Even though Will correctly asserts that lobbying is a constitutionally protected activity, no one is thereby forced to listen to a lobbyist.

Begging the amendment

Two guys writing in the Sunday Outlook section of the Washington Post write:

>When conservatives say that we want “conservative” judges, or “strict constructionist” or “constitutionalist” judges, what we mean is pretty simple: *We want judges who won’t make stuff up.* We want judges who won’t view the Constitution as a mirror in which, at every turn, they see reflected their own opinions and policy preferences. We want judges who will play it straight, read the Constitutional or statutory text (our text, not foreign ones, which the court has relied on in cases like last session’s Roper v. Simmons , which held execution of juveniles to be unconstitutional), and apply it as fairly as they can to the individual case before them. [emphasis added].

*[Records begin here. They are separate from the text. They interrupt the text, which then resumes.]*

(* Let $n\geqslant1$, $N\in\mathbb{N}$, $\gamma\in\mathbb{R}\setminus\{0\}$, let $a_0,\ldots,a_n$ be functions holomorphic near $t=0$ with $a_n\equiv1$, and let $M(x,t,u_0,\ldots,u_n)$ be meromorphic in $t$ and holomorphic in the remaining variables near $0\in\mathbb{C}^{n+3}$. Assume that for every integer $k\geqslant1$ the polynomial $$P_k(\lambda)=\sum_{j=0}^n a_j(0)\,(k+N+{\rm i}\gamma\lambda)^j$$ has no integer roots. Suppose the equation $$\sum_{j=0}^n a_j(x^{{\rm i}\gamma})(\delta+N)^j u=x\,M(x,x^{{\rm i}\gamma},u,\delta u,\ldots,\delta^n u),\qquad\delta=x\frac{d}{dx},$$ has a formal solution $\psi=\sum_{k=1}^\infty c_k(x^{{\rm i}\gamma})x^k$ with each $c_k$ meromorphic at $t=0$. Then $\psi$ is the unique exotic formal series of the form $\sum_{k=1}^\infty c_k(x^{{\rm i}\gamma})x^k$ (with $c_k$ meromorphic at $t=0$) satisfying this equation.
   Context: $x^{{\rm i}\gamma}=e^{{\rm i}\gamma\ln x}$. On exotic series $\delta$ acts termwise by $\delta\bigl(p(x^{{\rm i}\gamma})x^k\bigr)=\bigl((k+{\rm i}\gamma\,t\tfrac{d}{dt})p\bigr)(x^{{\rm i}\gamma})x^k$, and substitution into $M$ is formal, collecting terms by powers of $x$. *)

From HB Require Import structures.
From mathcomp Require Import all_boot all_order all_algebra.
From mathcomp Require Import complex Rstruct.
Set Implicit Arguments. Unset Strict Implicit. Unset Printing Implicit Defensive.
Import Order.TTheory GRing.Theory Num.Theory.
Local Open Scope ring_scope.

Definition CC := (Rdefinitions.R)[i].

(* A germ at t = 0 given by a power series sum_n a n t^n is holomorphic
   iff the series has a positive radius of convergence, i.e. iff
   |a n| r^n is bounded for some r > 0. *)
Definition conv_series (a : nat -> CC) : Prop :=
  exists r : CC, exists B : CC, 0 < r /\ forall n, `|a n| * r ^+ n <= B.

(* Formal Laurent series with finite principal part:
   Laurent v a  stands for  t^(-v) * sum_(n >= 0) a n t^n. *)
Record laurent := Laurent { lval : nat; lcf : nat -> CC }.

Definition lcoef (f : laurent) (m : int) : CC :=
  if (0 <= m + (lval f)%:Z)%R then lcf f (absz (m + (lval f)%:Z)) else 0.

Definition leqL (f g : laurent) : Prop := forall m : int, lcoef f m = lcoef g m.

Definition mero (f : laurent) : Prop := conv_series (lcf f).

Definition lzero : laurent := Laurent 0 (fun _ => 0).
Definition lone : laurent := Laurent 0 (fun n => (n == 0%N)%:R).

(* the same series, represented with pole order  lval f + k *)
Definition lraise (k : nat) (f : laurent) : laurent :=
  Laurent (lval f + k) (fun n => if (n < k)%N then 0 else lcf f (n - k)).

Definition ladd (f g : laurent) : laurent :=
  let w := maxn (lval f) (lval g) in
  let f' := lraise (w - lval f) f in
  let g' := lraise (w - lval g) g in
  Laurent w (fun n => lcf f' n + lcf g' n).

Definition lmul (f g : laurent) : laurent :=
  Laurent (lval f + lval g)
          (fun n => \sum_(i < n.+1) lcf f i * lcf g (n - i)).

Definition lhol (a : nat -> CC) : laurent := Laurent 0 a.

(* the operator (z + i gamma t d/dt)^j on Laurent series:
   it multiplies the coefficient of t^(n - v) by (z + i gamma (n - v))^j *)
Definition lop (gamma : Rdefinitions.R) (z : CC) (j : nat) (f : laurent) : laurent :=
  Laurent (lval f)
    (fun n => (z + 'i * gamma%:C * ((n%:Z - (lval f)%:Z)%:~R))%C ^+ j * lcf f n).

(* Formal series in x with Laurent coefficients: F k = coefficient of x^k. *)
Definition xser := nat -> laurent.

Definition xmul (F G : xser) : xser :=
  fun k => \big[ladd/lzero]_(i < k.+1) lmul (F i) (G (k - i)%N).

Definition xone : xser := fun k => if k == 0%N then lone else lzero.

Definition xpow (F : xser) (e : nat) : xser := iter e (xmul F) xone.

Section Equation.
Variables (n N : nat) (gamma : Rdefinitions.R).
(* a j = Taylor coefficients of a_j at t = 0 *)
Variable a : 'I_n.+1 -> nat -> CC.
(* M(x,t,u_0..u_n) = t^(-mM) * sum_(p,s,q) Mc p s q x^p t^s u^q *)
Variable mM : nat.
Variable Mc : nat -> nat -> {ffun 'I_n.+1 -> nat} -> CC.

(* exotic series psi = sum_(k >= 1) c_k(x^{i gamma}) x^k, encoded by the
   sequence c (c 0 is ignored). delta^j psi has x^l-coefficient
   (l + i gamma t d/dt)^j c_l. *)
Definition delta_pow (c : nat -> laurent) (j : nat) : xser :=
  fun l => if l == 0%N then lzero else lop gamma l%:R j (c l).

(* coefficient of x^k in sum_j a_j(x^{i gamma}) (delta + N)^j psi *)
Definition lhs_coef (c : nat -> laurent) (k : nat) : laurent :=
  \big[ladd/lzero]_(j < n.+1) lmul (lhol (a j)) (lop gamma (k + N)%:R j (c k)).

(* coefficient of x^e in M(x, x^{i gamma}, psi, delta psi, .., delta^n psi)
   (formal substitution; monomials with q_j > e contribute nothing) *)
Definition M_subst_coef (c : nat -> laurent) (e : nat) : laurent :=
  \big[ladd/lzero]_(p < e.+1)
   \big[ladd/lzero]_(q : {ffun 'I_n.+1 -> 'I_e.+1})
     lmul (Laurent mM (fun s => Mc p s [ffun j => nat_of_ord (q j)]))
          ((\big[xmul/xone]_(j < n.+1) xpow (delta_pow c j) (q j)) (e - p)%N).

(* coefficient of x^k (k >= 1) in x * M(...) *)
Definition rhs_coef (c : nat -> laurent) (k : nat) : laurent :=
  M_subst_coef c k.-1.

Definition exotic_solution (c : nat -> laurent) : Prop :=
  (forall k, (0 < k)%N -> mero (c k)) /\
  (forall k, (0 < k)%N -> leqL (lhs_coef c k) (rhs_coef c k)).

Definition Pk (k : nat) : {poly CC} :=
  \sum_(j < n.+1) (a j 0%N)%:P * (((k + N)%:R : CC)%:P + ('i * gamma%:C)%C *: 'X) ^+ j.

End Equation.

From HB Require Import structures.
From mathcomp Require Import all_boot all_order all_algebra.
From mathcomp Require Import complex Rstruct zify.
Set Implicit Arguments. Unset Strict Implicit. Unset Printing Implicit Defensive.
Import Order.TTheory GRing.Theory Num.Theory.
Local Open Scope ring_scope.

(* Compare coefficients of x^k.  Since psi has no x^0 term, the x^k-coefficient
   of x M(x, x^{i gamma}, psi, ..., delta^n psi) only involves c_1, ..., c_(k-1),
   while that of the left-hand side is L_k c_k, where
   L_k = sum_j a_j(t) (k + N + i gamma t d/dt)^j acts on Laurent series in t.
   L_k is lower triangular with respect to the powers of t, with diagonal entry
   P_k(m) on t^m; when P_k has no integer roots it is therefore injective, and
   c_k is determined by c_1, ..., c_(k-1). *)

Lemma leqL_sym f g : leqL f g -> leqL g f.
Proof. by move=> E m; rewrite E. Qed.

Lemma leqL_trans f g h : leqL f g -> leqL g h -> leqL f h.
Proof. by move=> E1 E2 m; rewrite E1 E2. Qed.

Lemma lcoef_lval f m : lcoef f (m%:Z - (lval f)%:Z) = lcf f m.
Proof. by rewrite /lcoef subrK. Qed.

Lemma leqL_lcf f g : lval f = lval g -> lcf f =1 lcf g -> leqL f g.
Proof. by move=> ev ec m; rewrite /lcoef ev ec. Qed.

Lemma lcf_leqL f g : leqL f g -> lval f = lval g -> lcf f =1 lcf g.
Proof. by move=> E ev m; rewrite -lcoef_lval E ev lcoef_lval. Qed.

Lemma lcoef_lraise k f m : lcoef (lraise k f) m = lcoef f m.
Proof.
rewrite /lcoef /= PoszD addrA.
case: (m + (lval f)%:Z) => [p|p].
  by rewrite -PoszD /= ltnNge leq_addl /= addnK.
by case: ifP => // le0; have -> : (absz (Negz p + k%:Z)%R < k)%N by lia.
Qed.

Lemma leqL_lraise k f : leqL (lraise k f) f.
Proof. by move=> m; rewrite lcoef_lraise. Qed.

Lemma lval_lraise_swap f f' : lval (lraise (lval f') f) = lval (lraise (lval f) f').
Proof. by rewrite /= addnC. Qed.

Lemma lcoef_lzero m : lcoef lzero m = 0.
Proof. by rewrite /lcoef; case: ifP. Qed.

Lemma lcoef_ladd f g m : lcoef (ladd f g) m = lcoef f m + lcoef g m.
Proof.
set w := maxn (lval f) (lval g).
rewrite -(leqL_lraise (w - lval f) f m) -(leqL_lraise (w - lval g) g m).
rewrite /ladd /lcoef -/w /= !subnKC ?leq_maxl ?leq_maxr //.
by case: ifP; rewrite ?addr0.
Qed.

Lemma ladd_compat f f' g g' : leqL f f' -> leqL g g' -> leqL (ladd f g) (ladd f' g').
Proof. by move=> E1 E2 m; rewrite !lcoef_ladd E1 E2. Qed.

Lemma big_ladd_compat (I : Type) (r : seq I) (P : pred I) (F G : I -> laurent) :
  (forall i, P i -> leqL (F i) (G i)) ->
  leqL (\big[ladd/lzero]_(i <- r | P i) F i) (\big[ladd/lzero]_(i <- r | P i) G i).
Proof. by move=> E; apply: (big_ind2 leqL) => // *; apply: ladd_compat. Qed.

Lemma lmulC f g : leqL (lmul f g) (lmul g f).
Proof.
apply: leqL_lcf => [|m] /=; first by rewrite addnC.
rewrite (reindex_inj rev_ord_inj) /=; apply: eq_bigr => i _.
by rewrite mulrC subSS subKn // -ltnS.
Qed.

Lemma lmul_lraisel k f g : leqL (lmul (lraise k f) g) (lmul f g).
Proof.
apply: leqL_trans (leqL_lraise k (lmul f g)).
apply: leqL_lcf => [|m] /=; first by rewrite addnAC.
case: ltnP => [lt_mk | le_km].
  by apply: big1 => i _; rewrite ifT ?mul0r // (leq_ltn_trans _ lt_mk) // -ltnS.
rewrite -(subnKC le_km) -addnS big_split_ord /= big1 ?add0r; last first.
  by move=> i _; rewrite /= ltn_ord mul0r.
rewrite addKn; apply: eq_bigr => i _ /=.
by rewrite ltnNge leq_addr /= !addKn subnDl.
Qed.

Lemma lmul_lcf f f' g : lval f = lval f' -> lcf f =1 lcf f' -> leqL (lmul f g) (lmul f' g).
Proof.
by move=> ev ec; apply: leqL_lcf => [|m] /=; [rewrite ev | apply: eq_bigr => i _; rewrite ec].
Qed.

Lemma lmul_compatl f f' g : leqL f f' -> leqL (lmul f g) (lmul f' g).
Proof.
move=> E; apply: leqL_trans (leqL_sym (lmul_lraisel (lval f') f g)) _.
apply: leqL_trans (lmul_lraisel (lval f) f' g).
have ev := lval_lraise_swap f f'; apply: (lmul_lcf _ ev); apply: lcf_leqL ev.
exact: leqL_trans (leqL_lraise _ _) (leqL_trans E (leqL_sym (leqL_lraise _ _))).
Qed.

Lemma lmul_compat f f' g g' : leqL f f' -> leqL g g' -> leqL (lmul f g) (lmul f' g').
Proof.
move=> E1 E2; apply: leqL_trans (lmul_compatl g E1) _.
apply: leqL_trans (lmulC f' g) _; apply: leqL_trans (lmulC g' f').
exact: lmul_compatl.
Qed.

Lemma lcoef_lop gamma z j f m :
  lcoef (lop gamma z j f) m = (z + 'i * gamma%:C * m%:~R)%C ^+ j * lcoef f m.
Proof. by rewrite /lcoef /=; case: ifP => [le0|_]; rewrite ?mulr0 // gez0_abs // addrK. Qed.

Lemma lop_compat gamma z j f f' : leqL f f' -> leqL (lop gamma z j f) (lop gamma z j f').
Proof. by move=> E m; rewrite !lcoef_lop E. Qed.

Definition xagree (e : nat) (F G : xser) := forall i, (i <= e)%N -> leqL (F i) (G i).

Lemma xmul_agree e F F' G G' :
  xagree e F G -> xagree e F' G' -> xagree e (xmul F F') (xmul G G').
Proof.
move=> EF EF' i le_ie; apply: big_ladd_compat => j _; apply: lmul_compat.
  by apply: EF; apply: leq_trans le_ie; rewrite -ltnS.
by apply: EF'; apply: leq_trans le_ie; apply: leq_subr.
Qed.

Lemma xpow_agree e F G k : xagree e F G -> xagree e (xpow F k) (xpow G k).
Proof. by move=> E; elim: k => [|k IH] //=; apply: xmul_agree. Qed.

Lemma delta_pow_agree gamma e c c' :
  (forall l, (0 < l <= e)%N -> leqL (c l) (c' l)) ->
  forall j, xagree e (delta_pow gamma c j) (delta_pow gamma c' j).
Proof.
move=> E j l le_le; rewrite /delta_pow; case: eqP => // /eqP l_neq0.
by apply: lop_compat; apply: E; rewrite lt0n l_neq0.
Qed.

Lemma M_subst_coef_compat n gamma mM Mc c c' e :
  (forall j, xagree e (delta_pow gamma c j) (delta_pow gamma c' j)) ->
  leqL (@M_subst_coef n gamma mM Mc c e) (M_subst_coef gamma mM Mc c' e).
Proof.
move=> E; apply: big_ladd_compat => p _; apply: big_ladd_compat => q _.
apply: lmul_compat => //; apply: (big_ind2 (xagree e)) => //.
- by move=> *; apply: xmul_agree.
- by move=> j _; apply: xpow_agree.
- exact: leq_subr.
Qed.

Lemma rhs_coef_compat n gamma mM Mc c c' k :
  (forall l, (0 < l < k)%N -> leqL (c l) (c' l)) ->
  leqL (@rhs_coef n gamma mM Mc c k) (rhs_coef gamma mM Mc c' k).
Proof.
move=> E; apply/M_subst_coef_compat/delta_pow_agree => l /andP[l_gt0 le_lk].
by apply: E; rewrite l_gt0 /=; lia.
Qed.

Lemma triangular_conv_inj (R : idomainType) (b : nat -> nat -> R) (u v : nat -> R) :
  (forall m, b 0%N m != 0) ->
  (forall m, \sum_(i < m.+1) b i m * u (m - i)%N = \sum_(i < m.+1) b i m * v (m - i)%N) ->
  u =1 v.
Proof.
move=> b0_neq0 E; elim/ltn_ind => m IH.
move: (E m); rewrite !big_ord_recl !subn0.
rewrite [X in _ + X = _](eq_bigr (fun i : 'I_m => b (lift ord0 i) m * v (m - lift ord0 i)%N)).
  by move/addIr/(mulfI (b0_neq0 m)).
by move=> i _; rewrite IH // lift0; have := ltn_ord i; lia.
Qed.

Section EulerOperator.
Variables (n : nat) (gamma : Rdefinitions.R) (a : 'I_n.+1 -> nat -> CC).

Definition leuler (z : CC) (f : laurent) : laurent :=
  \big[ladd/lzero]_(j < n.+1) lmul (lhol (a j)) (lop gamma z j f).

Definition indicial_poly (z : CC) : {poly CC} :=
  \sum_(j < n.+1) (a j 0%N)%:P * (z%:P + ('i * gamma%:C)%C *: 'X) ^+ j.

Lemma horner_indicial_poly z x :
  (indicial_poly z).[x] = \sum_(j < n.+1) a j 0%N * (z + 'i * gamma%:C * x)%C ^+ j.
Proof.
rewrite horner_sum; apply: eq_bigr => j _.
by rewrite hornerM hornerC horner_exp hornerD hornerC hornerZ hornerX.
Qed.

Lemma leuler_compat z f f' : leqL f f' -> leqL (leuler z f) (leuler z f').
Proof. by move=> E; apply: big_ladd_compat => j _; apply/lmul_compat/lop_compat. Qed.

Definition leuler_entry (z : CC) (w i m : nat) : CC :=
  \sum_(j < n.+1) a j i * (z + 'i * gamma%:C * ((m - i)%N%:Z - w%:Z)%:~R)%C ^+ j.

Lemma leuler_entry_diag z w m :
  leuler_entry z w 0 m = (indicial_poly z).[(m%:Z - w%:Z)%:~R].
Proof. by rewrite horner_indicial_poly /leuler_entry subn0. Qed.

Lemma lcoef_leuler z f w m : lval f = w ->
  lcoef (leuler z f) (m%:Z - w%:Z) =
  \sum_(i < m.+1) leuler_entry z w i m * lcf f (m - i)%N.
Proof.
move=> <-; rewrite (big_morph (lcoef^~ _) (fun g h => lcoef_ladd g h _) (lcoef_lzero _)).
under eq_bigr => j _ do rewrite (lcoef_lval (lmul _ _) m) /=.
rewrite exchange_big; apply: eq_bigr => i _ /=; rewrite mulr_suml.
by apply: eq_bigr => j _; rewrite mulrA.
Qed.

Variable z : CC.
Hypothesis indicial_no_int_root : forall m : int, ~~ root (indicial_poly z) m%:~R.

Lemma leuler_inj_lval f f' :
  lval f = lval f' -> leqL (leuler z f) (leuler z f') -> lcf f =1 lcf f'.
Proof.
move=> ev E; apply: (triangular_conv_inj (b := leuler_entry z (lval f))) => m.
  by rewrite leuler_entry_diag; apply: indicial_no_int_root.
by rewrite -!lcoef_leuler.
Qed.

Lemma leuler_inj f f' : leqL (leuler z f) (leuler z f') -> leqL f f'.
Proof.
move=> E; have ev := lval_lraise_swap f f'.
apply: leqL_trans (leqL_sym (leqL_lraise (lval f') f)) _.
apply: leqL_trans (leqL_lraise (lval f) f').
apply: (leqL_lcf ev); apply: (leuler_inj_lval ev).
apply: leqL_trans (leuler_compat z (leqL_lraise _ _)) _.
exact: leqL_trans E (leuler_compat z (leqL_sym (leqL_lraise _ _))).
Qed.

End EulerOperator.

Theorem lemma2 (n N : nat) (gamma : Rdefinitions.R)
  (a : 'I_n.+1 -> nat -> CC) (mM : nat)
  (Mc : nat -> nat -> {ffun 'I_n.+1 -> nat} -> CC)
  (c c' : nat -> laurent) :
  (1 <= n)%N ->
  gamma != 0 ->
  (* each a_j is holomorphic near t = 0, and a_n = 1 *)
  (forall j, conv_series (a j)) ->
  (forall s, a ord_max s = (s == 0%N)%:R) ->
  (* M = t^(-mM) * (holomorphic function of (x,t,u_0..u_n) near 0) *)
  (exists r : CC, exists B : CC, 0 < r /\
     forall p s (q : {ffun 'I_n.+1 -> nat}),
       `|Mc p s q| * r ^+ (p + s + \sum_(j < n.+1) q j) <= B) ->
  (* for every k >= 1, P_k has no integer roots *)
  (forall k, (1 <= k)%N -> forall m : int, ~~ root (Pk N gamma a k) m%:~R) ->
  (* psi (encoded by c) is an exotic formal solution *)
  exotic_solution N gamma a mM Mc c ->
  (* uniqueness: any exotic formal solution psi' (encoded by c') equals psi *)
  exotic_solution N gamma a mM Mc c' ->
  forall k, (1 <= k)%N -> leqL (c' k) (c k).
Proof.
move=> _ _ _ _ _ Pk_no_int_root [_ c_sol] [_ c'_sol].
elim/ltn_ind=> k IH k_gt0; apply: (leuler_inj (Pk_no_int_root k k_gt0)).
have rhs_eq : leqL (rhs_coef gamma mM Mc c' k) (rhs_coef gamma mM Mc c k).
  by apply: rhs_coef_compat => l /andP[l_gt0 lt_lk]; apply: IH.
exact: leqL_trans (c'_sol k k_gt0) (leqL_trans rhs_eq (leqL_sym (c_sol k k_gt0))).
Qed.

And we cannot help but wonder whether these two fellows have read the Constitution of the United States. Not be glib, but the Constitution’s Ninth Amendment reads–strictly quoted:

>The enumeration in the Constitution, of certain rights, shall not be construed to deny or disparage others retained by the people.

Puzzling. The Constitution says unqualifiedly that the enumeration of specific rights doesn’t mean that other unenumerated rights can be denied or disparaged. Now of course such rights are *not* enumerated in the Constitution–but they are claimed to exist–so one has to wonder how people have been able to say “inventing new rights” (as do the knuckleheads who wrote this piece) without shamelessly assuming the very thing they must demonstrate (that the rights in question are not rights retained). So the Constitution itself says that just because it isn’t in there does not mean it’s not a right.

Strictly construed, in other words, the Constitution does not strictly construe itself.